Bien, trêve de plaisanterie (& autres mégalomanie), il me semble que je suis sensée non seulement me présenter brièvement, mais aussi introduire ce que je prends, dans mes délires plumitifs débordant d'orgueil déplacé, pour un chef-d'œuvre.
Le moyen le plus simple de saisir le contenu des feuilles (agrafées avec amour, je vous prie de le croire) glissées dans la même enveloppe que la présente serait sans doute de les lire.
À défaut, je vais tenter de vous en faire un bref résumé.
C'est un recueil de nouvelles, une sorte de « roman polyphonique », axé sur deux personnages, Jerry & Joël.
Et toutes ces nouvelles racontent une histoire, puisqu'il faut bien qu'il y en ait une.
Mais laquelle ?
Est-ce l'histoire de Jerry & de Joël, deux ados un peu paumés qui ont échappé au cocon familial pour vivre à leur façon, libres ?
Ou bien l'histoire de Joël, ce garçon un peu étrange, cette ombre, ce Dieu, ce gourou de secte en devenir, qui fascine tant ?
Ou encore l'histoire de Jerry, la jeune fille qui l'accompagne (mais est-ce vraiment une fille ?), tellement insipide à côté du grand Joël ?
À moins que ce ne soit l'histoire des Joël-addicts, tous ces fans du mystérieux Joël, dont ils attendent la réapparition de leur idole ?
Peut-être est-ce l'histoire de Jerry sans Joël, de Joël sans Jerry…
Ou peut-être est-ce juste une histoire sans histoire, des fragments des existences qui ont eu le privilège ou la malchance de côtoyer un Dieu ou un imposteur, tous ces anonymes (ou pas) dont le quotidien monotone s'est trouvé bouleversé, l'espace d'un instant ou l'espace d'une vie, par une étoile filante : Joël.
Peut-être ne suis-je moi-même qu'un visage au milieu de cette légion des innombrables, un de ces vampires en quête d'un seul sang, une lointaine admiratrice du fameux Joël, cherchant vainement à le comprendre, à le saisir (mais qui peut se vanter de pareil exploit ?), sans jamais y parvenir tout à fait.
Peut-être que vous y arriverez mieux que moi.
Essayez, pour voir.
Bien, j'imagine que c'est à mon tour de me présenter.
Ma vie est beaucoup moins enthousiasmante que celle du bien-aimé Joël, j'en ai peur.
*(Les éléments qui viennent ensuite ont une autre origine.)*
(* Let $N\ge3$ and $G\in\mathcal G_3(N)$. If $s=(x^1,\dots,x^{N-1},u,N)\in S^N\cap S_{nc}$ satisfies $c(G|s)=1$ (and hence has the sure-capture property), then: (1) $|N(u)|=1$, i.e. $u$ is a leaf of $G$; and (2) if $N(u)=\{v\}$, then $c(G|s')=\infty$ for every state $s'=(y^1,\dots,y^{N-1},v,N)\in S^N\cap S_{nc}$.
   Context: Board and moves: $G=(V,E)$ finite, simple, connected, undirected; $N(u)$ is the open neighbourhood of $u$. There are $N\ge3$ tokens, cops $C_1,\dots,C_{N-1}$ (tokens $1,\dots,N-1$) and robber $R$ (token $N$). A state is $s=(x^1,\dots,x^N,n)$ with $x^i\in V$ the position of token $i$ and $n$ the token to move; $S^n$ is the set of states with token $n$ to move; $s$ is a capture state if $x^i=x^N$ for some $i\le N-1$, and $S_{nc}$ is the set of noncapture states. In each turn the token to move moves to a vertex of its closed neighbourhood (may stay put); order $C_1,\dots,C_{N-1},R,C_1,\dots$; the game ends at the first capture. The modified cops-and-robber (CR) game is the two-player zero-sum game where one player controls all cops, the other the robber, and if capture occurs at time $t$ (number of turns) the robber's payoff is $-\gamma^t$ ($0$ if never), $\gamma\in(0,1)$. $\widehat\Sigma^n$ denotes the set of pure positional strategies of token $n$ that are components of optimal strategies in this game (CR-optimal strategies). For $s\in S_{nc}$, whenever CR-optimal play from $s$ leads to capture, it is always the same cop, denoted $\widehat C(s)$, that effects it. State cop number. For $s\in S_{nc}$, $c(G|s)=c_N(G|s)$ is the minimum $k\in\{1,\dots,N-1\}$ for which there exist $k$ cops and strategies for them such that, starting from $s$, a capture (by any cop) occurs whatever the other $N-k$ tokens (including $R$) do; $c(G|s)=\infty$ if no such $k$ exists. $c(G)$ is the classical cop number of $G$. Graph classes. $\mathcal G(N)=\{G: c(G)>N-1\}$; $\mathcal G_1(N)=\{G\in\mathcal G(N):\exists s\in S_{nc}\text{ with } c(G|s)\in\{2,\dots,N-1\}\}$; $\mathcal G_1'(N)=\mathcal G(N)\setminus\mathcal G_1(N)$; $\mathcal G_2(N)=\{G\in\mathcal G(N): c(G|s)=\infty\text{ for all } s\in S^N\cap S_{nc}\}$; $\mathcal G_2'(N)=\mathcal G_1'(N)\setminus\mathcal G_2(N)$. Say that a state $s\in S_{nc}$ with $c(G|s)=1$ and $\widehat C(s)=C_m$ has the sure-capture property if for every $\widehat\sigma^m\in\widehat\Sigma^m$ and every strategy profile $\sigma^{-m}$ of the other tokens, play from $s$ under $(\widehat\sigma^m,\sigma^{-m})$ ends in a capture in which $C_m$ is on the robber's vertex. $\mathcal G_3(N)$ is the set of $G\in\mathcal G_2'(N)$ in which every $s\in S_{nc}$ with $c(G|s)=1$ has the sure-capture property. *)

From HB Require Import structures.
From mathcomp Require Import all_boot all_order all_algebra.
From Stdlib Require Import Classical ClassicalEpsilon.
Set Implicit Arguments. Unset Strict Implicit. Unset Printing Implicit Defensive.
Import Order.TTheory GRing.Theory Num.Theory.

Section CR.
Variable N : nat.          (* number of tokens *)
Variable V : finType.
Variable adj : rel V.

(* tokens 0..N-1 (paper's tokens 1..N); the robber is the last token *)
Definition Tok := 'I_(N.-1).+1.
Definition robber : Tok := ord_max.
Definition is_cop (i : Tok) : bool := i != robber.

(* positions of all tokens, and states = (positions, token to move) *)
Definition Pos := {ffun Tok -> V}.
Definition State := (Pos * Tok)%type.

Definition closedN (x y : V) : bool := (y == x) || adj x y.

Definition nextTok (n : Tok) : Tok := if n == robber then ord0 else inord n.+1.

Definition is_capture (s : State) : bool :=
  [exists i : Tok, is_cop i && (s.1 i == s.1 robber)].
Definition noncapture (s : State) : bool := ~~ is_capture s.

Definition legal_step (s s' : State) : Prop :=
  [/\ s'.2 = nextTok s.2,
      (forall i, i != s.2 -> s'.1 i = s.1 i) &
      closedN (s.1 s.2) (s'.1 s.2)].

(* pure positional strategies (token n's strategy is used only when n moves) *)
Definition strat := Pos -> V.
Definition valid_strat (n : Tok) (f : strat) : Prop := forall p : Pos, closedN (p n) (f p).
Definition Profile := Tok -> strat.
Definition valid_profile (sg : Profile) : Prop := forall n, valid_strat n (sg n).
Definition mix (sg tau : Profile) (A : pred Tok) : Profile :=
  fun n => if A n then tau n else sg n.

Definition step (sg : Profile) (s : State) : State :=
  ([ffun i => if i == s.2 then sg s.2 s.1 else s.1 i], nextTok s.2).
Definition play (sg : Profile) (s : State) (t : nat) : State := iter t (step sg) s.

Definition captures (sg : Profile) (s : State) : Prop :=
  exists t, is_capture (play sg s t).
Definition first_capture (sg : Profile) (s : State) (t : nat) : Prop :=
  is_capture (play sg s t) /\ forall t', t' < t -> ~~ is_capture (play sg s t').

Section Payoff.
Variable R : realFieldType.
Variable gamma : R.

(* cops' payoff gamma^t if capture first occurs at time t, 0 if never;
   the robber's payoff is its negative (zero-sum) *)
Definition payoff (sg : Profile) (s : State) : R :=
  match excluded_middle_informative (captures sg s) with
  | left H => gamma ^+ (ex_minn H)
  | right _ => 0
  end.

(* optimal strategies of the two-player zero-sum game (cops team vs robber):
   saddle points, uniformly in the initial state *)
Definition optimal_profile (sg : Profile) : Prop :=
  valid_profile sg /\
  forall (s : State) (tau : Profile), valid_profile tau ->
    (payoff (mix sg tau is_cop) s <= payoff sg s)%R /\
    (payoff sg s <= payoff (mix sg tau (pred1 robber)) s)%R.

Definition hatSigma (n : Tok) (f : strat) : Prop :=
  exists sg, optimal_profile sg /\ sg n =1 f.

Definition hatC (s : State) (m : Tok) : Prop :=
  is_cop m /\ exists sg, optimal_profile sg /\
    exists t, first_capture sg s t /\ (play sg s t).1 m = (play sg s t).1 robber.

Definition sure_capture (s : State) : Prop :=
  forall m, hatC s m ->
  forall f, hatSigma m f ->
  forall sg, valid_profile sg ->
    let sg' := mix sg (fun _ => f) (pred1 m) in
    exists t, first_capture sg' s t /\ (play sg' s t).1 m = (play sg' s t).1 robber.
End Payoff.

Definition legal_play (f : nat -> State) (s : State) : Prop :=
  f 0 = s /\ forall t, legal_step (f t) (f t.+1).

Definition force (s : State) (k : nat) : Prop :=
  exists K : {set Tok},
    [/\ K \subset [set i | is_cop i], #|K| = k &
      exists sg : Profile, (forall i, i \in K -> valid_strat i (sg i)) /\
        forall f, legal_play f s ->
          (forall t, (f t).2 \in K -> (f t.+1).1 (f t).2 = sg (f t).2 (f t).1) ->
          exists t, is_capture (f t)].

Definition scn_eq (s : State) (k : nat) : Prop :=
  [/\ 1 <= k <= N.-1, force s k & forall j, 1 <= j < k -> ~ force s j].
Definition scn_inf (s : State) : Prop :=
  forall k, 1 <= k <= N.-1 -> ~ force s k.

(* classical cops and robber with k cops: cops place, robber places, then
   cops (all simultaneously) and robber alternate *)
Definition classical_cops_win (k : nat) : Prop :=
  exists (c0 : {ffun 'I_k -> V}) (sg : {ffun 'I_k -> V} -> V -> {ffun 'I_k -> V}),
    (forall (c : {ffun 'I_k -> V}) (r : V) (i : 'I_k), closedN (c i) (sg c r i)) /\
    forall (c : nat -> {ffun 'I_k -> V}) (r : nat -> V),
      c 0 = c0 -> (forall t, c t.+1 = sg (c t) (r t)) ->
      (forall t, closedN (r t) (r t.+1)) ->
      exists t (i : 'I_k), c t i = r t \/ c t.+1 i = r t.

Definition in_G : Prop := forall k, k <= N.-1 -> ~ classical_cops_win k.
Definition in_G1 : Prop :=
  in_G /\ exists s, noncapture s /\ exists k, 2 <= k /\ scn_eq s k.
Definition in_G1' : Prop := in_G /\ ~ in_G1.
Definition in_G2 : Prop :=
  in_G /\ forall s : State, s.2 = robber -> noncapture s -> scn_inf s.
Definition in_G2' : Prop := in_G1' /\ ~ in_G2.
Definition in_G3 (R : realFieldType) (gamma : R) : Prop :=
  in_G2' /\ forall s, noncapture s -> scn_eq s 1 -> sure_capture gamma s.

End CR.

From Pilot Require Import Defs.
From HB Require Import structures.
From mathcomp Require Import all_boot all_order all_algebra.
From Stdlib Require Import Classical ClassicalEpsilon.
Import Order.TTheory GRing.Theory Num.Theory.
Set Implicit Arguments. Unset Strict Implicit. Unset Printing Implicit Defensive.

(* Optimal strategies of the discounted game exist: by backward induction the cops move
   so as to capture as early as possible and the robber so as to delay capture.  Hence in a
   state of cop number 1 some cop is the designated capturer, and the sure-capture property
   puts every cop adjacent to the robber on that cop's vertex; otherwise the robber would
   step onto a different cop.

   Now let one cop k force capture from a state where the robber, at u, is to move, and
   follow the play in which only k moves.  Every y in N[u] is occupied by a cop, or lies in
   N[x] where x is k's vertex, or else the robber can go to y and stay there for a round;
   since k still wins, induction over k's winning strategy shows that y is a leaf.  Taking
   y = u gives x ~ u, and a cop on a neighbour of u sits on x, so every neighbour of u lies
   in N[x] or is a leaf.  A second neighbour w of u is impossible: with one cop on w and
   all others on x, a single cop wins by going to u and then into the leaf the robber fled
   to, yet two cops adjacent to the robber sit on different vertices.  Thus u is a leaf.
   Since G is not in G_1(N), a state with the robber at the neighbour v of u has cop number
   1 or infinity; if 1, v is a leaf too, so G is a single edge and one cop wins the
   classical game, contradicting c(G) > N - 1. *)

Lemma exists_max_total (T : finType) (r : T -> T -> Prop) (A : pred T) x0 :
  (forall a b c, r a b -> r b c -> r a c) -> (forall a b, r a b \/ r b a) ->
  A x0 -> exists2 v, A v & forall w, A w -> r w v.
Proof.
move=> rtrans rtotal Ax0.
have rrefl a : r a a by case: (rtotal a a).
suff [v vA vmax] : exists2 v, (v == x0) || (v \in enum A) &
    forall w, (w == x0) || (w \in enum A) -> r w v.
  exists v => [|w Aw]; last by apply: vmax; rewrite mem_enum; apply/orP; right.
  by move: vA; rewrite mem_enum => /orP[/eqP->|].
elim: (enum A) => [|a l [v vl vmax]].
  by exists x0 => [|w]; rewrite ?eqxx // in_nil orbF => /eqP->.
have [rva|rav] := rtotal v a.
  exists a => [|w]; first by rewrite inE eqxx orbT.
  by rewrite inE orbCA => /orP[/eqP->//|/vmax rwv]; apply: rtrans rwv rva.
exists v => [|w]; first by rewrite inE orbCA vl orbT.
by rewrite inE orbCA => /orP[/eqP->//|]; apply: vmax.
Qed.

Definition sooner (T : Type) (c : nat -> T -> bool) (a b : T) := forall k, c k b -> c k a.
Pas de quoi en faire un roman.
Qui je suis ? Personne.
Rien qu'une adolescente parmi tant d'autres, dix-sept printemps emmagasinés dans la carcasse (certes, c'est un peu jeune, mais quel argument commercial majeur si le contenu suit !), une élève comme les autres, presque, une anormale, une dégénérée, une littéraire qui suit un cursus scientifique… pourquoi ? Dieu seul le sait.
Comme tout écrivain en herbe digne de ce nom, j'écris depuis longtemps, et Joël n'est qu'un regroupement de quelques nouvelles parmi toutes celles qui foisonnent sur mon disque dur.
Je crains que ma vie ne tienne dans ces quelques lignes.
Après tout, je ne suis qu'une gamine de plus, qui se voit déjà dans les vitrines de toutes les librairies, avec son premier roman deux fois livre de platine (et ne croyez pas que le fait que cette récompense n'existe pas va stopper mes ambitions, enfin !).
Sur ce, je vous laisse mon poulain, mon enfant, mon tout-petit, mon manuscrit, je vous prie d'en prendre grand soin.
Vous m'excuserez, j'ai un (futur) best-seller sur le feu.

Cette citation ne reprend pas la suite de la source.